Tuesday, August 9, 2011

Scumeating Tour Kick-off with Chambers, Thimble vs. Needle and Scumeating at Glow - Tuesday, August 9, 2011

Scumeating - Glow

Scumeating Tour Kick-off with Chambers, Thimble vs. Needle and Scumeating at Glow

Tuesday, August 9, 2011

What can you say about Glow? It’s a strange space, a cross between an airport lounge and a mid-80s disco. But this is the second time that I have seen Scumeating there. There is something to be said for that: schizophrenia meets irony in a soft leather chair overlooking the transient activities of Railroad and Holly. Maybe it’s perfect. I don’t know. There is always a bizarre cake around and someone ordering a grasshopper – which the bartender has to go online to figure out how to make. Meanwhile, the crowd is festooned with glowstick bracelets and ominously quiet. Church disco. Waiting for a plane. 

Chambers - Glow

Chambers, made up of the Sarah Jerns and Matt Curtis, breaks the quiet with two massive guitar hammers. Reminiscent of the Dirty Three. Stumbling slow noise. Waves of electric strings. Feedback music.

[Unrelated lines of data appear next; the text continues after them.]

(* Fibre by the integer part [j] of [tilt n - t]: within a fibre [n3] is determined by
   [(n1, n2)], and writing [n3 = t + j - b1 n1 - b2 n2 + s] with [0 <= s < 1], the shell
   condition puts [(n1, n2)] in an elliptic annulus of width [6 (R + 1)]. *)
Lemma card_at_most_shell_tilted_slab R b1 b2 t L :
  0 <= R -> -1 <= b2 <= 1 -> 0 <= L ->
  card_at_most (fun n : Z3 => R <= z3norm n <= R + 1 /\ t <= tilt b1 b2 n <= t + L)
    ((L + 1) * (122 * (R + 1))).
Proof.
  intros HR Hb2 HL.
  set (M := Z.to_nat (Int_part L)).
  assert (HM : INR M <= L).
  { unfold M. rewrite INR_IZR_INZ, Z2Nat.id by (apply le_Int_part; simpl; lra).
    apply Int_part_le. }
  eapply card_at_most_weaken; [intros n Hn; exact Hn | |].
  2:{ apply (card_at_most_fibers _ (fun n => Int_part (tilt b1 b2 n - t)) 0 M
               (fun j => 122 * (R + 1))).
      - intros n [_ Hn]. split; [apply le_Int_part; simpl; lra|].
        unfold M. rewrite Z2Nat.id by (apply le_Int_part; simpl; lra).
        apply le_Int_part. pose proof (Int_part_le (tilt b1 b2 n - t)). lra.
      - intros j _.
        eapply card_at_most_weaken; [intros n Hn; exact Hn | apply shell_ellipse_bound, HR |].
        apply card_at_most_inj with (f := fst)
          (3 := card_at_most_ellipse_annulus b1 b2 (t + INR j)
                  (R ^ 2 - 2 * R - 2) ((R + 2) ^ 2) Hb2 ltac:(nra)).
        + intros [[n1 n2] n3] [[Hshell _] Hkey]. simpl in Hkey |- *.
          apply Int_part_eq_of_nat in Hkey.
          pose proof (z3norm_sq_coords n1 n2 n3).
          assert (R ^ 2 <= z3norm (n1, n2, n3) ^ 2 <= (R + 1) ^ 2) by (split; nra).
          assert (- (R + 1) <= IZR n3 <= R + 1) by (split; nra).
          split; nra.
        + intros [[n1 n2] n3] [[n1' n2'] n3'] [_ Hk] [_ Hk'] E. simpl in E, Hk, Hk'.
          injection E as -> ->. f_equal. apply Z_eq_of_dist_lt_1.
          apply Int_part_eq_of_nat in Hk, Hk'. lra. }
  rewrite sum_cte, S_INR. pose proof (pos_INR M). nra.
Qed.

Definition shell_slab (a : Z3) (R t W : R) (n : Z3) : Prop :=
  R <= z3norm n <= R + 1 /\ t <= dot a n <= t + W.

Lemma slab_scale q t W : q <> 0 -> 0 <= W ->
  exists t', forall x, t <= x <= t + W -> t' <= x / q <= t' + W / Rabs q.
Proof.
  intros Hq HW. destruct (Rlt_dec 0 q) as [Hpos | Hneg].
  - exists (t / q). intros x Hx. rewrite Rabs_right by lra.
    replace (t / q + W / q) with ((t + W) / q) by (field; lra).
    split; apply Rmult_le_compat_r; try (apply Rlt_le, Rinv_0_lt_compat); lra.
  - exists ((t + W) / q). intros x Hx. rewrite Rabs_left by lra.
    replace ((t + W) / q + W / - q) with (t / q) by (field; lra).
    assert (Hinv : / q < 0) by (apply Rinv_lt_0_compat; lra).
    unfold Rdiv. split; nra.
Qed.

Lemma z3norm_le_twice_dominant a1 a2 a3 :
  Rabs (IZR a1) <= Rabs (IZR a3) -> Rabs (IZR a2) <= Rabs (IZR a3) ->
  z3norm (a1, a2, a3) <= 2 * Rabs (IZR a3).
Proof.
  intros H1 H2. apply Rsqr_le_abs_1 in H1, H2. rewrite !Rsqr_pow2 in H1, H2.
  pose proof (z3norm_sq_coords a1 a2 a3). pose proof (z3norm_nonneg (a1, a2, a3)).
  pose proof (Rabs_pos (IZR a3)). pose proof (pow2_abs (IZR a3)).
  nra.
Qed.

Lemma Rdiv_between_of_Rabs_le x y : y <> 0 -> Rabs x <= Rabs y -> -1 <= x / y <= 1.
Proof.
  intros Hy H. apply Rsqr_le_abs_1 in H. unfold Rsqr in H.
  assert (Hy2 : 0 < y * y) by nra.
  assert ((x / y) * (x / y) <= 1).
  { replace ((x / y) * (x / y)) with (x * x / (y * y)) by (field; auto).
    apply Rdiv_le_iff; lra. }
  split; nra.
Qed.

Lemma card_at_most_shell_slab_dominant a1 a2 a3 R t W :
  Rabs (IZR a1) <= Rabs (IZR a3) -> Rabs (IZR a2) <= Rabs (IZR a3) ->
  0 < z3norm (a1, a2, a3) -> 0 <= R -> 0 <= W ->
  card_at_most (shell_slab (a1, a2, a3) R t W)
    ((2 * W / z3norm (a1, a2, a3) + 1) * (122 * (R + 1))).
Proof.
  intros H1 H2 Ha HR HW.
  pose proof (z3norm_le_twice_dominant a1 a2 a3 H1 H2) as Hdom.
  assert (Ha3 : IZR a3 <> 0) by (intro E; rewrite E, Rabs_R0 in Hdom; lra).
  set (b1 := IZR a1 / IZR a3). set (b2 := IZR a2 / IZR a3).
  assert (Htilt : forall n, tilt b1 b2 n = dot (a1, a2, a3) n / IZR a3)
    by (intros [[n1 n2] n3]; unfold b1, b2; simpl; field; assumption).
  destruct (slab_scale (IZR a3) t W Ha3 HW) as [t' Ht'].
  set (q := Rabs (IZR a3)) in *. set (z := z3norm (a1, a2, a3)) in *.
  eapply card_at_most_weaken; [| |
    apply (card_at_most_shell_tilted_slab R b1 b2 t' (W / q));
      [assumption | now apply Rdiv_between_of_Rabs_le | apply Rdiv_nonneg; lra]].
  - intros n [Hshell Hslab]. rewrite Htilt. auto.
  - apply Rmult_le_compat_r; [lra|]. apply Rplus_le_compat_r.
    apply Rdiv_le_iff; [lra|].
    replace (2 * W / z * q) with (W * (2 * q / z)) by (field; lra).
    rewrite <- (Rmult_1_r W) at 1. apply Rmult_le_compat_l; [lra|].
    apply Rle_div_iff; lra.
Qed.

Definition swap13 (p : Z3) : Z3 := match p with (p1, p2, p3) => (p3, p2, p1) end.
Definition swap23 (p : Z3) : Z3 := match p with (p1, p2, p3) => (p1, p3, p2) end.

Lemma card_at_most_shell_slab_transport (sigma : Z3 -> Z3) a R t W K :
  (forall p q, dot (sigma p) (sigma q) = dot p q) -> (forall p, sigma (sigma p) = p) ->
  card_at_most (shell_slab (sigma a) R t W) K -> card_at_most (shell_slab a R t W) K.
Proof.
  intros Hdot Hinv. apply card_at_most_inj with (f := sigma).
  - intros n [Hshell Hslab]. unfold shell_slab.
    rewrite z3norm_dot, Hdot, <- z3norm_dot, Hdot. auto.
  - intros p q _ _ E. now rewrite <- (Hinv p), E, Hinv.
Qed.

Lemma max3_cases x y z : (x <= z /\ y <= z) \/ (x <= y /\ z <= y) \/ (y <= x /\ z <= x).
Proof.
  destruct (Rle_dec x z), (Rle_dec y z), (Rle_dec x y);
    first [left; split; lra | right; left; split; lra | right; right; split; lra].
Qed.

Lemma card_at_most_shell_slab a R t W :
  0 < z3norm a -> 0 <= R -> 0 <= W ->
  card_at_most (shell_slab a R t W) ((2 * W / z3norm a + 1) * (122 * (R + 1))).
Proof.
  intros Ha HR HW. destruct a as [[a1 a2] a3].
  destruct (max3_cases (Rabs (IZR a1)) (Rabs (IZR a2)) (Rabs (IZR a3)))
    as [[H1 H2] | [[H1 H3] | [H2 H3]]].
  - now apply card_at_most_shell_slab_dominant.
  - apply (card_at_most_shell_slab_transport swap23);
      [intros [[? ?] ?] [[? ?] ?]; simpl; ring | intros [[? ?] ?]; reflexivity |].
    replace (z3norm (a1, a2, a3)) with (z3norm (a1, a3, a2)) in *
      by (rewrite !z3norm_dot; simpl; f_equal; ring).
    now apply card_at_most_shell_slab_dominant.
  - apply (card_at_most_shell_slab_transport swap13);
      [intros [[? ?] ?] [[? ?] ?]; simpl; ring | intros [[? ?] ?]; reflexivity |].
    replace (z3norm (a1, a2, a3)) with (z3norm (a3, a2, a1)) in *
      by (rewrite !z3norm_dot; simpl; f_equal; ring).
    now apply card_at_most_shell_slab_dominant.
Qed.

(** * Counting shell by shell *)

Lemma card_at_most_by_shells (P : Z3 -> Prop) X B :
  0 <= X -> (forall n, P n -> z3norm n <= X) ->
  (forall R, 0 <= R <= X -> card_at_most (fun n => P n /\ R <= z3norm n <= R + 1) B) ->
  card_at_most P ((X + 1) * B).
Proof.
  intros HX Hball Hshell.
  assert (HB : 0 <= B) by exact (card_at_most_nonneg _ _ (Hshell 0 (conj (Rle_refl 0) HX))).
  assert (HIX : (0 <= Int_part X)%Z) by (apply le_Int_part; simpl; lra).
  set (M := Z.to_nat (Int_part X)).
  assert (HM : INR M <= X)
    by (unfold M; rewrite INR_IZR_INZ, Z2Nat.id by lia; apply Int_part_le).
  eapply card_at_most_weaken; [intros n Hn; exact Hn | |].
  2:{ apply (card_at_most_fibers _ (fun n => Int_part (z3norm n)) 0 M (fun _ => B)).
      - intros n Hn. pose proof (z3norm_nonneg n). split; [apply le_Int_part; simpl; lra|].
        unfold M. rewrite Z2Nat.id by lia. apply le_Int_part.
        pose proof (Int_part_le (z3norm n)). specialize (Hball n Hn). lra.
      - intros j Hj. apply le_INR in Hj. pose proof (pos_INR j).
        apply card_at_most_weaken with (2 := Rle_refl _) (3 := Hshell (INR j) ltac:(lra)).
        intros n [Hn Hk]. apply Int_part_eq_of_nat in Hk. split; [assumption | lra]. }
  rewrite sum_cte, S_INR. nra.
Qed.

Lemma card_at_most_shell R :
  0 <= R -> card_at_most (fun n => R <= z3norm n <= R + 1) ((2 * R + 3) * (122 * (R + 1))).
Proof.
  intros HR.
  replace (2 * R + 3) with ((2 * R + 2) + 1) by ring.
  apply card_at_most_weaken with (2 := Rle_refl _)
    (3 := card_at_most_shell_tilted_slab R 0 0 (- (R + 1)) (2 * R + 2) HR ltac:(lra) ltac:(lra)).
  intros [[n1 n2] n3] Hn. split; [assumption|]. simpl.
  pose proof (z3norm_sq_coords n1 n2 n3). pose proof (z3norm_nonneg (n1, n2, n3)).
  split; nra.
Qed.

Lemma card_at_most_ball (P : Z3 -> Prop) X :
  0 <= X -> (forall n, P n -> z3norm n <= X) ->
  card_at_most P ((X + 1) * ((2 * X + 3) * (122 * (X + 1)))).
Proof.
  intros HX Hball. apply card_at_most_by_shells; [assumption .. |].
  intros R HR.
  eapply card_at_most_weaken; [intros n [_ Hn]; exact Hn | | apply card_at_most_shell; lra].
  apply Rmult_le_compat; nra.
Qed.

Lemma jbr_shell_window n R :
  0 <= R -> R <= z3norm n <= R + 1 -> sqrt (1 + R ^ 2) <= jbr n <= sqrt (1 + R ^ 2) + 1.
Proof.
  intros HR Hn. unfold jbr. split; [apply sqrt_le_1_alt; nra|].
  assert (R <= sqrt (1 + R ^ 2)) by (apply le_sqrt_of_sq_le; lra).
  pose proof (pow2_sqrt (1 + R ^ 2) ltac:(nra)).
  apply sqrt_le_of_le_sq; nra.
Qed.

Lemma window_of_sum_window s m c' lo :
  s = 1 \/ s = -1 ->
  exists p, forall x y,
    lo <= y <= lo + 1 -> Rabs (x + s * y - m) <= c' -> p <= x <= p + (2 * c' + 1).
Proof.
  intros [-> | ->]; [exists (m - c' - lo - 1) | exists (m - c' + lo)];
    intros x y Hy Hxy; apply Rabs_le_between in Hxy; lra.
Qed.

Lemma dot_window_of_jbr_window a p w R :
  0 <= w -> 0 <= R ->
  exists t, forall n, R <= z3norm n <= R + 1 -> p <= jbr (z3add a n) <= p + w ->
    t <= dot a n <= t + (w * (z3norm a + R + 2) + R + 1 / 2).
Proof.
  intros Hw HR. set (q := Rmax p 0).
  exists ((q ^ 2 - 1 - z3norm a ^ 2 - (R + 1) ^ 2) / 2).
  intros n Hn Hxi.
  pose proof (z3norm_nonneg a). pose proof (z3norm_nonneg n).
  set (xi := jbr (z3add a n)) in *.
  (* [2 a.n = xi^2 - 1 - |a|^2 - |n|^2], and [xi^2] exceeds [q^2] by at most [2 w xi]. *)
  assert (Hxi2 : xi ^ 2 = 1 + z3norm a ^ 2 + 2 * dot a n + z3norm n ^ 2).
  { unfold xi, jbr. rewrite pow2_sqrt by (pose proof (pow2_ge_0 (z3norm (z3add a n))); lra).
    rewrite !z3norm_sq, dot_z3add_self. ring. }
  assert (Hxi_le : xi <= z3norm a + z3norm n + 1).
  { apply sqrt_le_of_le_sq; [lra|].
    rewrite z3norm_sq, dot_z3add_self, <- !z3norm_sq.
    pose proof (dot_le_z3norm_mul a n). nra. }
  assert (Hxi0 : 0 <= xi) by apply sqrt_pos.
  assert (Hq : 0 <= q <= xi /\ xi - q <= w) by (unfold q, Rmax; destruct (Rle_dec p 0); lra).
  assert (xi ^ 2 - q ^ 2 <= 2 * w * (z3norm a + R + 2)).
  { replace (xi ^ 2 - q ^ 2) with ((xi - q) * (xi + q)) by ring.
    apply Rle_trans with (w * (2 * xi)); [apply Rmult_le_compat; lra | nra]. }
  assert (q ^ 2 <= xi ^ 2) by nra.
  assert (R ^ 2 <= z3norm n ^ 2 <= (R + 1) ^ 2) by (split; nra).
  split; nra.
Qed.

Lemma card_at_most_level_set (P : Z3 -> Prop) a s m c' X :
  0 < z3norm a -> 0 <= c' -> 0 <= X -> s = 1 \/ s = -1 ->
  (forall n, P n -> z3norm n <= X /\ Rabs (jbr (z3add a n) + s * jbr n - m) <= c') ->
  card_at_most P
    ((X + 1) * ((2 * ((2 * c' + 1) * (z3norm a + X + 2) + X + 1 / 2) / z3norm a + 1)
                * (122 * (X + 1)))).
Proof.
  intros Ha Hc' HX Hs HP.
  apply card_at_most_by_shells; [assumption | intros n Hn; apply HP, Hn |].
  intros R HR.
  destruct (window_of_sum_window s m c' (sqrt (1 + R ^ 2)) Hs) as [p Hp].
  destruct (dot_window_of_jbr_window a p (2 * c' + 1) R ltac:(lra) ltac:(lra)) as [t Ht].
  pose proof (z3norm_nonneg a).
  eapply card_at_most_weaken; [| | apply (card_at_most_shell_slab a R t
    ((2 * c' + 1) * (z3norm a + R + 2) + R + 1 / 2)); [assumption | lra | nra]].
  - intros n [Hn Hshell]. split; [assumption|]. apply Ht; [assumption|].
    apply (Hp _ (jbr n)); [apply jbr_shell_window; lra | apply HP, Hn].
  - apply Rmult_le_compat; [| lra | | lra].
    + assert (0 <= 2 * ((2 * c' + 1) * (z3norm a + R + 2) + R + 1 / 2) / z3norm a)
        by (apply Rdiv_nonneg; nra).
      lra.
    + apply Rplus_le_compat_r. unfold Rdiv. apply Rmult_le_compat_r;
        [apply Rlt_le, Rinv_0_lt_compat; lra | nra].
Qed.

(** * Arithmetic of the final bound *)

Lemma sim_le_mul c x N : 1 <= c -> 1 <= N -> sim c x N -> x <= c * N.
Proof.
  intros Hc HN [H1 H2]. destruct (Req_dec N 1) as [-> | HN1].
  - rewrite Rmult_1_r. auto.
  - specialize (H2 HN1). lra.
Qed.

Lemma one_add_div_le_div_Rmin A N : 1 <= A -> 1 <= N -> 1 + N / A <= 2 * N / Rmin A N.
Proof.
  intros HA HN. unfold Rmin. destruct (Rle_dec A N).
  - assert (1 <= N / A) by (apply Rle_div_iff; lra).
    replace (2 * N / A) with (2 * (N / A)) by (unfold Rdiv; ring). lra.
  - assert (N / A <= 1) by (apply Rdiv_le_iff; lra).
    replace (2 * N / N) with 2 by (field; lra). lra.
Qed.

Loud and relentless instrumentality. The two of them, each with guitars, standing on the dance floor like noise drunk gunfighters in a Sergio Leone dream of the agonies of echo. Beautiful. And in the strangest way, upsetting all expectation, getting into your skull with whips of lightning and ripping the tissues of your brain to pieces. If there was a heroin addict in the crowd, he’d be wanting to shoot up about now. Grace note: walked over the bartender at the end of the set to get a beer and he said to me: Jesus Christ, I was about to lose it with all of the fucking noise! Music to drive bartenders at the Glow insane to. Kudos, Chambers. 


Thimble vs. Needle - Glow

Next up, a variation (minus Chris Stainback) on Thimble vs. Needle with the inimitable Kat Bula on guitar/vocals/violin, Anna Arvan on cello/vocals and Tim Leighton on drums/guitar/mandolin. After the beautiful noise comes exquisite harmonies as in  “The Only Girl You Are Not Allowed to Kiss.” These songs seem to epitomize something just underneath definition, perhaps it’s the mood of the 21st century with a healthy sense of humor. The musicianship is outstanding but casual, not forcing itself through the performance. Just there and talented. With each time that I have heard Thimble vs. Needle, I am reminded how much they make me smile with their subtle self-conscious odes of self-consciousness. Near the end, Tim sings a song with the line “Hey Buddy, you’ve got puke on your shoes.” It is delivered flat, as a dirge, a lament. The others join in harmony. Beautiful. “Hey Buddy, you’ve got piss on your knees… blood on your hands.” Appalachian Bellingham. Reminded of the Band at Big Pink. 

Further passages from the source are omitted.